I've had physically accurate depth of field implemented for a long time. In fact, my tracer supports any number of optical elements lined up in front of each other (unfortunately, these elements are not first-class tracing objects, so effects like chromatic aberration from the lens(es) aren't yet possible. It has been on my TODO list for a while to support arbitrary primitives with CSG).

I instead used most of the time getting my sampler working the way I wanted.

Last time, I had some nasty cruft of an implementation of adaptive sampling, which worked, but not well enough to my liking. I reimplemented most of it. Now, it is an adaptive sampler, with adaptive subdivision and n-rooks (Latin hypercube) sampling. Correct reconstruction filtering is, unfortunately, still not implemented—although I did make a sample visualizer to help ensure correctness.

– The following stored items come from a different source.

(* Let $G$ be a 3-symmetric graph on 16 vertices. Then the clique number $\omega(G)$ satisfies $3\le \omega(G)\le 8$, and the maximum degree of $G$ is at least $8$.
   Context: All graphs are finite and simple. For a graph $G$ on $n$ vertices and a graph $F$ on $k$ vertices, the density $t(F,G)$ is the number of $k$-element subsets $S\subseteq V(G)$ whose induced subgraph is isomorphic to $F$, divided by $\binom{n}{k}$. A graph $G$ with at least 3 vertices is 3-symmetric if $t(K_3,G)=1/8$, $t(P_3,G)=3/8$, $t(K_2\cup K_1,G)=3/8$ and $t(\overline{K_3},G)=1/8$, where $K_3$ is the triangle, $P_3$ the path with 3 vertices and 2 edges, $K_2\cup K_1$ the 3-vertex graph with exactly one edge, and $\overline{K_3}$ the 3-vertex graph with no edges. *)

From HB Require Import structures.
From mathcomp Require Import all_boot all_order all_algebra.
Set Implicit Arguments. Unset Strict Implicit. Unset Printing Implicit Defensive.

Definition simple_graph (T : finType) (e : rel T) : Prop :=
  symmetric e /\ irreflexive e.

Definition induced_edges (T : finType) (e : rel T) (S : {set T}) : nat :=
  #|[set P : {set T} | (P \subset S) && (#|P| == 2) &&
       [exists x, exists y, (P == [set x; y]) && e x y]]|.

(* number of k-vertex subsets inducing a 3-vertex graph with exactly m edges;
   a 3-vertex simple graph is determined up to isomorphism by its edge count:
   0 edges = complement of K3, 1 = K2 u K1, 2 = P3, 3 = K3. *)
Definition count3 (T : finType) (e : rel T) (m : nat) : nat :=
  #|[set S : {set T} | (#|S| == 3) && (induced_edges e S == m)]|.

Definition t3 (T : finType) (e : rel T) (m : nat) : rat :=
  ((count3 e m)%:R / ('C(#|T|, 3))%:R)%R.

Definition three_symmetric (T : finType) (e : rel T) : Prop :=
  (3 <= #|T|)%N /\
  t3 e 3 = (1 / 8)%R /\ t3 e 2 = (3 / 8)%R /\ t3 e 1 = (3 / 8)%R /\ t3 e 0 = (1 / 8)%R.

Definition clique_number (T : finType) (e : rel T) : nat :=
  \max_(S : {set T} | [forall x in S, forall y in S, (x != y) ==> e x y]) #|S|.

Definition degree (T : finType) (e : rel T) (x : T) : nat := #|[set y | e x y]|.

Definition max_degree (T : finType) (e : rel T) : nat := \max_(x : T) degree e x.

(* Triangles and edges are tied together by double counting: an edge lies in
   n - 2 three-vertex sets, so 14 |E| = 1·210 + 2·210 + 3·70 = 840 and G has
   60 edges, hence average degree 7.5 and a vertex of degree at least 8.
   G has 70 > 0 triangles, so omega >= 3, while a 9-clique alone would
   contain 'C(9, 3) = 84 > 70 triangles, so omega <= 8. *)

From HB Require Import structures.
From mathcomp Require Import all_boot all_order all_algebra.
From mathcomp Require Import lra zify.

Set Implicit Arguments.
Unset Strict Implicit.
Unset Printing Implicit Defensive.

Import GRing.Theory Num.Theory.

Lemma sum_card_rel (I J : finType) (A : {pred I}) (B : {pred J})
    (R : I -> J -> bool) :
  \sum_(i in A) #|[set j in B | R i j]| = \sum_(j in B) #|[set i in A | R i j]|.
Proof.
under eq_bigr => i _ do rewrite -sum1dep_card.
rewrite (exchange_big_dep (mem B)) /=; last by move=> i j _ /andP[].
by apply: eq_bigr => j jB; rewrite -sum1dep_card; apply: eq_bigl => i; rewrite jB.
Qed.

Lemma card_supersets_add1 (T : finType) (k : nat) (P : {set T}) : #|P| = k ->
  #|[set S : {set T} | #|S| == k.+1 & P \subset S]| = #|T| - k.
Proof.
move=> cardP.
have -> : [set S : {set T} | #|S| == k.+1 & P \subset S] = [set x |: P | x in ~: P].
  apply/setP => S; rewrite inE; apply/idP/imsetP.
    move=> /andP[/eqP cardS PS].
    have /cards1P[x SDP] : #|S :\: P| == 1.
      by rewrite cardsD (setIidPr PS) cardS cardP subSnn.
    have : x \in S :\: P by rewrite SDP set11.
    rewrite !inE => /andP[xP _]; exists x; first by rewrite inE.
    by rewrite -{1}(setID S P) (setIidPr PS) SDP setUC.
  by case=> x; rewrite inE => xP ->; rewrite cardsU1 xP cardP subsetUr add1n eqxx.
rewrite card_in_imset; first by rewrite cardsCs setCK cardP.
move=> x y; rewrite !inE => xP yP xPyP.
have : x \in y |: P by rewrite -xPyP setU11.
by rewrite in_setU1 (negbTE xP) orbF => /eqP.
Qed.

Section Graph.

Variables (T : finType) (e : rel T).

Definition is_edge (P : {set T}) : bool :=
  [exists x, exists y, (P == [set x; y]) && e x y].

Definition edges : {set {set T}} := [set P : {set T} | (#|P| == 2) && is_edge P].

Lemma in_edges (P : {set T}) : (P \in edges) = (#|P| == 2) && is_edge P.
Proof. by rewrite inE. Qed.

Definition is_clique (S : {set T}) : bool :=
  [forall x in S, forall y in S, (x != y) ==> e x y].

Lemma induced_edgesE (S : {set T}) :
  induced_edges e S = #|[set P : {set T} in edges | P \subset S]|.
Proof. by apply: eq_card => P; rewrite !inE -andbA andbC. Qed.

Lemma induced_edges_le (S : {set T}) : induced_edges e S <= 'C(#|S|, 2).
Proof.
rewrite induced_edgesE -cards_draws; apply: subset_leq_card.
by apply/subsetP => P; rewrite !inE => /andP[/andP[-> _] ->].
Qed.

Lemma sum_induced_edges :
  \sum_(S : {set T} | #|S| == 3) induced_edges e S = (#|T| - 2) * #|edges|.
Proof.
under eq_bigr => S _ do rewrite induced_edgesE.
rewrite sum_card_rel -sum1_card big_distrr /= muln1.
apply: eq_bigr => P; rewrite inE => /andP[/eqP cardP _].
by rewrite -(card_supersets_add1 cardP); apply: eq_card => S; rewrite !inE.
Qed.

Lemma sum_induced_edges_count3 :
  \sum_(S : {set T} | #|S| == 3) induced_edges e S = \sum_(m < 4) m * count3 e m.
Proof.
transitivity (\sum_(S : {set T} | #|S| == 3) \sum_(m < 4) m * (induced_edges e S == m)).
  apply: eq_bigr => S /eqP cardS; have := induced_edges_le S; rewrite cardS.
  by case: (induced_edges e S) => [|[|[|[|]]]] // _; rewrite !big_ord_recr big_ord0.
rewrite exchange_big; apply: eq_bigr => m _; rewrite -big_distrr -big_mkcondr /=.
by rewrite sum1dep_card.
Qed.

Lemma count3E (m : nat) : 3 <= #|T| ->
  ((count3 e m)%:R = t3 e m * ('C(#|T|, 3))%:R :> rat)%R.
Proof. by move=> n_ge3; rewrite /t3 divfK // pnatr_eq0 -lt0n bin_gt0. Qed.

Hypothesis graph_e : simple_graph e.

Lemma is_edge_set2 (x y : T) : is_edge [set x; y] = e x y.
Proof.
have [sym_e irr_e] := graph_e.
apply/idP/idP => [/existsP[a /existsP[b /andP[/eqP xy_ab eab]]]|exy]; last first.
  by apply/existsP; exists x; apply/existsP; exists y; rewrite eqxx exy.
move: eab; have : a \in [set x; y] by rewrite xy_ab set21.
have : b \in [set x; y] by rewrite xy_ab set22.
by rewrite !inE => /orP[]/eqP-> /orP[]/eqP-> //; rewrite ?irr_e // sym_e.
Qed.

Lemma triangle_is_clique (S : {set T}) :
  #|S| = 3 -> induced_edges e S = 3 -> is_clique S.
Proof.
move=> cardS triS; have pairsS := cards_draws S 2; rewrite cardS in pairsS.
have edgesS : [set P : {set T} in edges | P \subset S] =
              [set P : {set T} | P \subset S & #|P| == 2].
  apply/eqP; rewrite eqEcard pairsS -induced_edgesE triS leqnn andbT.
  by apply/subsetP => P; rewrite !inE => /andP[/andP[-> _] ->].
apply/forall_inP => x xS; apply/forall_inP => y yS; apply/implyP => xy.
have : [set x; y] \in [set P : {set T} | P \subset S & #|P| == 2].
  by rewrite inE cards2 xy subUset !sub1set xS yS.
by rewrite -edgesS !inE is_edge_set2 => /andP[/andP[_ ->]].
Qed.

Lemma clique_triangle (S R : {set T}) :
  is_clique S -> R \subset S -> #|R| = 3 -> induced_edges e R = 3.
Proof.
move=> /forall_inP cliqueS RS cardR; rewrite induced_edgesE.
rewrite -[3]/'C(3, 2) -cardR -cards_draws; apply: eq_card => P.
rewrite !inE andbC; have [PR|] //= := boolP (P \subset R).
have [/cards2P[x [y [xy EP]]]|] //= := boolP (#|P| == 2).
move: PR; rewrite EP is_edge_set2 subUset !sub1set => /andP[xR yR].
move/forall_inP: (cliqueS x (subsetP RS x xR)) => /(_ y (subsetP RS y yR)).
by move/implyP; apply.
Qed.

Lemma clique_number_ge3 : 0 < count3 e 3 -> 3 <= clique_number e.
Proof.
rewrite card_gt0 => /set0Pn[S]; rewrite inE => /andP[/eqP cardS /eqP triS].
by rewrite -cardS; apply: leq_bigmax_cond; exact: triangle_is_clique.
Qed.

Lemma bin_clique_number_le_count3 : 'C(clique_number e, 3) <= count3 e 3.
Proof.
rewrite /clique_number.
have [|S cliqueS ->] := @eq_bigmax_cond _ [pred S | is_clique S] (fun S => #|S|).
  by apply/card_gt0P; exists set0; apply/forall_inP => x; rewrite inE.
rewrite -cards_draws; apply: subset_leq_card; apply/subsetP => R.
rewrite !inE => /andP[RS /eqP cardR].
by rewrite cardR (clique_triangle cliqueS RS cardR) !eqxx.
Qed.

Lemma degree_edges (x : T) :
  degree e x = #|[set P : {set T} in edges | x \in P]|.
Proof.
have [sym_e irr_e] := graph_e.
have -> : [set P : {set T} in edges | x \in P] =
          [set [set x; y] | y in [set y | e x y]].
  apply/setP => P; rewrite inE; apply/idP/imsetP.
    rewrite in_edges andbC => /andP[xP /andP[_ edgeP]].
    have /existsP[a /existsP[b /andP[/eqP PE eab]]] := edgeP.
    move: xP; rewrite PE !inE => /orP[]/eqP xab; subst; first by exists b; rewrite ?inE.
    by exists a; [rewrite inE sym_e | rewrite setUC].
  case=> y; rewrite inE => exy ->.
  have xy : x != y by apply: contraTneq exy => <-; rewrite irr_e.
  by rewrite inE cards2 xy is_edge_set2 exy set21.
rewrite card_in_imset // => y z; rewrite !inE => exy exz xy_xz.
have : y \in [set x; z] by rewrite -xy_xz set22.
by rewrite !inE => /orP[/eqP yx|/eqP //]; rewrite yx irr_e in exy.
Qed.

Lemma sum_degree : \sum_x degree e x = 2 * #|edges|.
Proof.
under eq_bigr => x _ do rewrite degree_edges.
rewrite sum_card_rel -sum1_card big_distrr /= muln1.
apply: eq_bigr => P; rewrite inE => /andP[/eqP <- _].
by apply: eq_card => x; rewrite inE.
Qed.

End Graph.

Lemma sum_degree_le (T : finType) (e : rel T) :
  \sum_x degree e x <= #|T| * max_degree e.
Proof.
rewrite -sum1_card big_distrl /=; apply: leq_sum => x _.
by rewrite mul1n; exact: leq_bigmax.
Qed.

Theorem mainTheorem19 (T : finType) (e : rel T) :
  simple_graph e -> #|T| = 16 -> three_symmetric e ->
  (3 <= clique_number e <= 8)%N /\ (8 <= max_degree e)%N.
Proof.
move=> graph_e cardT [n_ge3 [t3_3 [t3_2 [t3_1 t3_0]]]].
have count_of m c (q : rat) : t3 e m = q -> (q * 560 = c%:R)%R -> count3 e m = c.
  move=> tq qc; apply/eqP; rewrite -(eqr_nat rat) count3E // cardT tq -qc.
  by rewrite -[560]/'C(16, 3).
have c3 : count3 e 3 = 70 by apply: count_of t3_3 _; lra.
have c2 : count3 e 2 = 210 by apply: count_of t3_2 _; lra.
have c1 : count3 e 1 = 210 by apply: count_of t3_1 _; lra.
have c0 : count3 e 0 = 70 by apply: count_of t3_0 _; lra.
have edges60 : #|edges e| = 60.
  have := sum_induced_edges e; rewrite sum_induced_edges_count3 cardT.
  rewrite !big_ord_recr big_ord0 /= c0 c1 c2 c3; lia.
split; [apply/andP; split |].
- by apply: (clique_number_ge3 graph_e); rewrite c3.
- rewrite leqNgt; apply/negP => /(leq_bin2l 3) binomial_big.
  by have := leq_trans binomial_big (bin_clique_number_le_count3 graph_e); rewrite c3.
- have := sum_degree_le e; rewrite sum_degree // edges60 cardT; lia.
Qed.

The uniform random generator is pretty bad, but it's what I had been using. Interestingly, I found Halton to actually be worse. This happens because for the low minimum number of samples you shoot initially, the Halton pattern doesn't vary among pixels (at least in my implementation) and is not low-discrepancy enough in general. I choose n-rooks because, like the other two, it is simple to compute and easy to implement—but also, it has excellent randomness. Even with four samples per pixel, I am getting great results.

Parallel to all this, I also profiled my code pretty hard. The bottleneck has been figuring out which surfaces the ray is inside. Since each object has a refractive priority, this really amounts to a priority queue. The class that handles this was fairly simple and inefficient. So, I hacked it apart and rewrote it so that it only allocates dynamically if it must. This cut the bottleneck from something around \(80\%\) of the rendering time to more like \(5\%\). My tracer is much faster now.

This gave me the idea to optimize the memory (de)allocation patterns of the framebuffer. This has been a major problem: for a static allocation, the framebuffer is the number of pixels (~\(10^6\)) times the worst case samples per pixel (\(n \cdot 4^{maxsubdivs}\)). Since each sample requires at minimum a position and a color (which could have more than three channels, of course), this gets in the gigabytes sort of range.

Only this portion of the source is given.